= Danielle Laney =

American taekwondo olympic medalist

Danielle Laney, birth name Jennifer Danielle Laney, is a former Olympic Level Competitor in Taekwondo born March 23, 1972. Danielle is from Jenks, Oklahoma She would win the Olympic trials by going undefeated, beating Arlene Limas. At the 1992 Olympics she would win a bronze in the welterweight division. Her brother Brian Laney was also a member of the National Team.

==Early life and education==
Laney graduated from Jenks High School in 1990. She received a degree in marketing from the University of Tulsa in 1994.

==Career==
In 1986 Laney took 2nd at the National Taekwondo Championships in the middleweight division.
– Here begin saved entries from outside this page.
(* Under the setting and assumptions (A1)–(A5) described in the context, define for $t\ge 0$ \[ S(t)=\tilde S e^{(\beta/\gamma)\tilde R}\varphi^{-1}(t),\qquad E(t)=\tilde E e^{-\delta t}+\tilde S e^{(\beta/\gamma)\tilde R}e^{-\delta t}\int_{\varphi^{-1}(t)}^{e^{-(\beta/\gamma)\tilde R}}e^{\delta\varphi(v)}\,dv, \] \[ I(t)=N-\tilde S e^{(\beta/\gamma)\tilde R}\varphi^{-1}(t)+\frac{\gamma}{\beta}\log\varphi^{-1}(t)-\tilde E e^{-\delta t}-\tilde S e^{(\beta/\gamma)\tilde R}e^{-\delta t}\int_{\varphi^{-1}(t)}^{e^{-(\beta/\gamma)\tilde R}}e^{\delta\varphi(v)}\,dv, \qquad R(t)=-\frac{\gamma}{\beta}\log\varphi^{-1}(t). \] Then $(S(t),E(t),I(t),R(t))$ is a solution of the initial value problem $S'=-\beta SI$, $E'=\beta SI-\delta E$, $I'=\delta E-\gamma I$, $R'=\gamma I$ for $t>0$, with $S(0)=\tilde S$, $E(0)=\tilde E$, $I(0)=\tilde I$, $R(0)=\tilde R$.
   Context: Let $\beta,\gamma,\delta>0$ be constants and $\tilde S,\tilde E,\tilde I,\tilde R$ real numbers with $N:=\tilde S+\tilde E+\tilde I+\tilde R>0$. The SEIR initial value problem is $S'(t)=-\beta S(t)I(t)$, $E'(t)=\beta S(t)I(t)-\delta E(t)$, $I'(t)=\delta E(t)-\gamma I(t)$, $R'(t)=\gamma I(t)$ for $t>0$, with $S(0)=\tilde S$, $E(0)=\tilde E$, $I(0)=\tilde I$, $R(0)=\tilde R$; a solution is a vector function $(S,E,I,R)$ of class $C^1(0,\infty)\cap C[0,\infty)$ satisfying these. Standing assumptions: (A1) $\tilde I>0$; (A2) $\tilde E>(\gamma/\delta)\tilde I$; (A3) $\tilde S>\delta\tilde E/(\beta\tilde I)$; (A4) $\tilde R\ge 0$ and $N>\tilde S e^{(\beta/\gamma)\tilde R}+\tilde R$. Let $\alpha$ be the unique solution in $(\tilde R,N)$ of $x=N-\tilde S e^{(\beta/\gamma)\tilde R}e^{-(\beta/\gamma)x}$, and assume (A5) $\tilde S<(\gamma/\beta)e^{(\beta/\gamma)(\alpha-\tilde R)}$. Put $u_0:=e^{-(\beta/\gamma)\tilde R}$, $u_\infty:=e^{-(\beta/\gamma)\alpha}$ (so $0<u_\infty<u_0$). Let $\psi$ be the unique function, continuous and positive on $(u_\infty,u_0]$ and $C^1$ on $(u_\infty,u_0)$, satisfying the Abel equation $\psi'(u)\psi(u)-\frac{\gamma+\delta}{u}\psi(u)=-\delta\,\frac{\beta N-\beta\tilde S e^{(\beta/\gamma)\tilde R}u+\gamma\log u}{u}$ for $u\in(u_\infty,u_0)$ and $\psi(u_0)=\beta\tilde I$. Let $\varphi(u):=\int_u^{u_0}\frac{d\xi}{\xi\psi(\xi)}$ for $u\in(u_\infty,u_0]$; $\varphi$ is a strictly decreasing continuous bijection from $(u_\infty,u_0]$ onto $[0,\infty)$, of class $C^1$ on $(u_\infty,u_0)$, and $\varphi^{-1}:[0,\infty)\to(u_\infty,u_0]$ denotes its inverse. *)

From Stdlib Require Import Reals Lra ClassicalEpsilon.
From Coquelicot Require Import Coquelicot.
Open Scope R_scope.

Definition continuous_on_set (D : R -> Prop) (f : R -> R) : Prop :=
  forall x, D x -> forall eps, 0 < eps -> exists delta, 0 < delta /\
    forall y, D y -> Rabs (y - x) < delta -> Rabs (f y - f x) < eps.

Definition C1_on_with (D : R -> Prop) (f f' : R -> R) : Prop :=
  forall x, D x -> is_derive f x (f' x) /\ continuous f' x.

Definition phi (psi : R -> R) (u0 u : R) : R :=
  RInt (fun xi => / (xi * psi xi)) u u0.

(* phi^{-1}(t): the point u of (uinf, u0] with phi(u) = t (chosen by
   Hilbert's epsilon; it is unique since phi is a bijection). *)
Definition phi_inv (psi : R -> R) (uinf u0 t : R) : R :=
  epsilon (inhabits 0) (fun u => uinf < u <= u0 /\ phi psi u0 u = t).

Definition SEIR_solution (beta gamma delta S0 E0 I0 R0 : R)
    (S E I Rf : R -> R) : Prop :=
  continuous_on_set (fun t => 0 <= t) S /\
  continuous_on_set (fun t => 0 <= t) E /\
  continuous_on_set (fun t => 0 <= t) I /\
  continuous_on_set (fun t => 0 <= t) Rf /\
  (exists S' E' I' R' : R -> R,
     C1_on_with (fun t => 0 < t) S S' /\
     C1_on_with (fun t => 0 < t) E E' /\
     C1_on_with (fun t => 0 < t) I I' /\
     C1_on_with (fun t => 0 < t) Rf R' /\
     forall t, 0 < t ->
       S' t = - beta * S t * I t /\
       E' t = beta * S t * I t - delta * E t /\
       I' t = delta * E t - gamma * I t /\
       R' t = gamma * I t) /\
  S 0 = S0 /\ E 0 = E0 /\ I 0 = I0 /\ Rf 0 = R0.

(* The substitution u = e^{-(beta/gamma) R} reduces the system to the scalar equation
   u' = - u psi(u), solved by u(t) = phi^{-1}(t) since phi'(u) = - 1 / (u psi(u)).
   With F(u) = beta N - beta K u + gamma log u and K = St e^{(beta/gamma) Rt}, the Abel
   equation for psi says exactly that
     (F(u) - psi(u)) / beta * e^{delta phi(u)} - K int_u^{u0} e^{delta phi}
   is constant on (uinf, u0], equal to Et at u0.  Evaluated at u = u(t) this conservation
   law gives I(t) = psi(u(t)) / beta, and then each equation of the system is a
   chain-rule computation.  The conservation law also gives psi < F, and F, being concave
   with F(uinf) = 0, lies below its tangent c (u - uinf) at uinf; hence phi grows at least
   like -log(u - uinf) / (u0 c), so phi^{-1} is defined on all of [0, +oo). *)

From Stdlib Require Import Reals Lra ClassicalEpsilon.
From Coquelicot Require Import Coquelicot.
Open Scope R_scope.

(** * Real analysis *)

Lemma locally_gt (a x : R) : a < x -> locally x (fun y => a < y).
Proof. intros Hx. now apply (locally_interval _ x a p_infty). Qed.

Lemma continuity_pt_of_is_derive (f : R -> R) (x l : R) :
  is_derive f x l -> continuity_pt f x.
Proof.
  intros Hf. apply continuity_pt_filterlim, (ex_derive_continuous (V := R_NormedModule)).
  now exists l.
Qed.

Lemma continuity_pt_Rmin_l (c x : R) : continuity_pt (fun y => Rmin y c) x.
Proof.
  apply continuity_pt_locally; intros eps. exists eps; intros y Hy.
  change (Rabs (y - x) < eps) in Hy. revert Hy.
  unfold Rmin, Rabs; repeat destruct Rle_dec; repeat destruct Rcase_abs; lra.
Qed.

Lemma continuity_pt_Rmax_l (c x : R) : continuity_pt (fun y => Rmax y c) x.
Proof.
  apply continuity_pt_locally; intros eps. exists eps; intros y Hy.
  change (Rabs (y - x) < eps) in Hy. revert Hy.
  unfold Rmax, Rabs; repeat destruct Rle_dec; repeat destruct Rcase_abs; lra.
Qed.

Lemma continuous_on_set_of_continuity_pt (D : R -> Prop) (f : R -> R) :
  (forall x, D x -> continuity_pt f x) -> continuous_on_set D f.
Proof.
  intros Hf x Hx eps Heps.
  destruct (proj1 (continuity_pt_locally f x) (Hf x Hx) (mkposreal eps Heps))
    as [d Hd].
  exists d; split; [apply cond_pos |]. intros y _ Hy. now apply Hd.
Qed.

Lemma continuity_pt_comp_on_set (D : R -> Prop) (f c : R -> R) (x : R) :
  continuous_on_set D f -> continuity_pt c x -> D (c x) ->
  locally x (fun y => D (c y)) -> continuity_pt (fun y => f (c y)) x.
Proof.
  intros Hf Hc Hcx HD. apply continuity_pt_locally; intros eps.
  destruct (Hf (c x) Hcx eps (cond_pos eps)) as [d [Hd Hfd]].
  pose proof (proj1 (continuity_pt_locally c x) Hc (mkposreal d Hd)) as Hcd.
  apply (filter_imp (fun y => D (c y) /\ Rabs (c y - c x) < d)).
  - intros y [HDy Hy]. now apply Hfd.
  - now apply filter_and.
Qed.

(* The slope [k / h] of [g] is the reciprocal of the slope [h / k] of [f] over the
   increment [k] of [g], and [k] tends to [0] with [h]. *)
Lemma is_derive_inverse (f g : R -> R) (y d : R) :
  continuity_pt g y -> locally y (fun s => f (g s) = s) ->
  is_derive f (g y) d -> d <> 0 -> is_derive g y (/ d).
Proof.
  intros Hg [r Hfg] Hf Hd.
  apply is_derive_Reals in Hf. apply is_derive_Reals. intros eps Heps.
  assert (Hd2 : 0 < Rabs d) by now apply Rabs_pos_lt.
  set (m := Rmin (Rabs d / 2) (eps * (Rabs d * Rabs d) / 2)).
  assert (Hm : 0 < m).
  { assert (0 < eps * (Rabs d * Rabs d)) by (apply Rmult_lt_0_compat; nra).
    apply Rmin_pos; lra. }
  destruct (Hf m Hm) as [d' Hd'].
  destruct (proj1 (continuity_pt_locally g y) Hg d') as [d1 Hd1].
  assert (Hmin : 0 < Rmin d1 r) by (apply Rmin_pos; apply cond_pos).
  exists (mkposreal _ Hmin); intros h Hh0 Hh; simpl in Hh.
  assert (Hyh : ball y r (y + h)).
  { change (Rabs (y + h - y) < r). replace (y + h - y) with h by ring.
    eapply Rlt_le_trans; [exact Hh | apply Rmin_r]. }
  assert (Hyy : ball y r y) by apply ball_center.
  set (k := g (y + h) - g y).
  assert (Hfk : f (g y + k) - f (g y) = h).
  { unfold k. replace (g y + (g (y + h) - g y)) with (g (y + h)) by ring.
    rewrite (Hfg _ Hyh), (Hfg _ Hyy). ring. }
  assert (Hk : k <> 0).
  { intros Hk0. rewrite Hk0, Rplus_0_r, Rminus_diag in Hfk. now apply Hh0. }
  assert (Hkd : Rabs k < d').
  { apply (Hd1 (y + h)). change (Rabs (y + h - y) < d1).
    replace (y + h - y) with h by ring. eapply Rlt_le_trans; [exact Hh | apply Rmin_l]. }
  specialize (Hd' k Hk Hkd). rewrite Hfk in Hd'. fold k.
  set (q := h / k) in Hd'.
  assert (Hq1 : Rabs (q - d) < Rabs d / 2) by (eapply Rlt_le_trans; [exact Hd' | apply Rmin_l]).
  assert (Hq2 : Rabs (q - d) < eps * (Rabs d * Rabs d) / 2)
    by (eapply Rlt_le_trans; [exact Hd' | apply Rmin_r]).
  assert (Hq : Rabs d / 2 < Rabs q).
  { pose proof (Rabs_triang_inv d q). rewrite Rabs_minus_sym in Hq1. lra. }
  assert (Hq0 : q <> 0) by (intros E; rewrite E, Rabs_R0 in Hq; lra).
  replace (k / h - / d) with (- (q - d) / (q * d)) by (unfold q; field; auto).
  unfold Rdiv. rewrite Rabs_mult, Rabs_Ropp, Rabs_inv, Rabs_mult.
  apply (Rmult_lt_reg_r (Rabs q * Rabs d)); [nra |].
  rewrite Rmult_assoc, Rinv_l, Rmult_1_r by nra.
  assert (eps * (Rabs d / 2 * Rabs d) <= eps * (Rabs q * Rabs d))
    by (apply Rmult_le_compat_l; [lra | apply Rmult_le_compat_r; lra]).
  lra.
Qed.

Lemma decreasing_of_derive_neg (f df : R -> R) (a : R) :
  (forall x, a < x -> is_derive f x (df x)) -> (forall x, a < x -> df x < 0) ->
  forall x y, a < x -> x < y -> f y < f x.
Proof.
  intros Hf Hdf x y Hx Hxy.
  destruct (MVT_gen f x y df) as [c [Hc Hfc]];
    rewrite Rmin_left, Rmax_right in * by lra.
  - intros z Hz. apply Hf. lra.
  - intros z Hz. apply (continuity_pt_of_is_derive _ _ (df z)), Hf. lra.
  - pose proof (Hdf c ltac:(lra)). nra.
Qed.

Lemma eq_of_derive_zero (f : R -> R) (a b : R) :
  (forall x, a < x < b -> is_derive f x 0) ->
  (forall x, a < x <= b -> continuity_pt f x) ->
  forall x, a < x <= b -> f x = f b.
Proof.
  intros Hf Hc x Hx.
  destruct (Req_dec x b) as [-> | Hxb]; [reflexivity |].
  destruct (MVT_gen f x b (fun _ => 0)) as [c [_ Hfc]]; [| | lra];
    intros z Hz; rewrite Rmin_left, Rmax_right in Hz by lra.
  - apply Hf. lra.
  - apply Hc. lra.
Qed.

Lemma ex_RInt_continuity_pt_gt (f : R -> R) (a x y : R) :
  (forall z, a < z -> continuity_pt f z) -> a < x -> a < y -> ex_RInt f x y.
Proof.
  intros Hf Hx Hy. apply (ex_RInt_continuous (V := R_CompleteNormedModule)).
  intros z Hz. apply continuity_pt_filterlim, Hf.
  pose proof (Rmin_glb_lt x y a Hx Hy). lra.
Qed.

Lemma is_derive_RInt_lower (f : R -> R) (a b x : R) :
  (forall z, a < z -> continuity_pt f z) -> a < b -> a < x ->
  is_derive (fun y => RInt f y b) x (- f x).
Proof.
  intros Hf Hb Hx. apply (is_derive_RInt' f (fun y => RInt f y b) x b).
  - apply (filter_imp (fun y => a < y)); [| now apply locally_gt].
    intros y Hy. apply (RInt_correct (V := R_CompleteNormedModule)).
    now apply (ex_RInt_continuity_pt_gt f a).
  - now apply continuity_pt_filterlim, Hf.
Qed.

Lemma continuous_onto_nonneg (f : R -> R) (a b : R) :
  (forall x, a < x -> continuity_pt f x) -> f b = 0 ->
  (forall t, exists u, a < u <= b /\ t <= f u) ->
  forall t, 0 <= t -> exists w, a < w <= b /\ f w = t.
Proof.
  intros Hf Hfb Hunb t Ht. destruct (Hunb t) as [u [Hu Htu]].
  destruct (IVT_gen (fun x => f (Rmax x u)) u b t) as [w [Hw Hfw]].
  - intros x. apply (continuity_pt_comp (fun y => Rmax y u)).
    + apply continuity_pt_Rmax_l.
    + apply Hf. pose proof (Rmax_r x u). lra.
  - rewrite Rmax_left, (Rmax_left b u), Hfb by lra.
    rewrite Rmin_right, Rmax_left by lra. lra.
  - rewrite Rmin_left, Rmax_right in Hw by lra.
    rewrite Rmax_left in Hfw by lra. exists w. split; [lra | exact Hfw].
Qed.

(** * Inverse of a decreasing function *)

Section DecreasingInverse.

Variables (f g : R -> R) (a b : R).
Hypothesis f_decr : forall x y, a < x -> x < y -> f y < f x.
Hypothesis f_b : f b = 0.
Hypothesis g_spec : forall t, 0 <= t -> a < g t <= b /\ f (g t) = t.

Lemma inverse_gt (x s : R) : a < x -> 0 <= s -> s < f x -> x < g s.
Proof.
  intros Hx Hs Hsx. destruct (g_spec s Hs) as [[Hgs _] Hfgs].
  destruct (Rtotal_order x (g s)) as [Hlt | [Heq | Hgt]]; [exact Hlt | |].
  - rewrite Heq, Hfgs in Hsx. lra.
  - pose proof (f_decr (g s) x Hgs Hgt). lra.
Qed.

Lemma inverse_lt (x s : R) : a < x -> 0 <= s -> f x < s -> g s < x.
Proof.
  intros Hx Hs Hsx. destruct (g_spec s Hs) as [_ Hfgs].
  destruct (Rtotal_order (g s) x) as [Hlt | [Heq | Hgt]]; [exact Hlt | |].
  - rewrite <- Heq, Hfgs in Hsx. lra.
  - pose proof (f_decr x (g s) Hx Hgt). lra.
Qed.

Lemma inverse_0 : g 0 = b.
Proof.
  destruct (g_spec 0 (Rle_refl 0)) as [[Hg0 [Hlt | Heq]] Hfg0]; [| exact Heq].
  pose proof (f_decr (g 0) b Hg0 Hlt). lra.
Qed.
In 1987 Laney took 2nd at the National Taekwondo Championships in the middleweight division. In 1988 Laney took 3rd in the heavyweight division at the US Olympic Team Trials. In 1990 Laney took 2nd at the National Taekwondo Championships in the middleweight division. In 1990 and 1991 Laney won the US Collegiate National Taekwondo Championship in the middleweight division. In 1991 Laney took 3rd at the US Olympic Festival in the middleweight division.

In 1992 she competed in the women's welterweight division. Laney took 2nd at the National Taekwondo Championships in the welterweight division losing to Chavela Aaron in the finals. In 1992 Laney took 1st at the US Olympic & PanAm Team Trials in the welterweight division by going undefeated, beating Arlene Limas twice. At the 1992 Olympics she won a bronze medal in the welterweight division.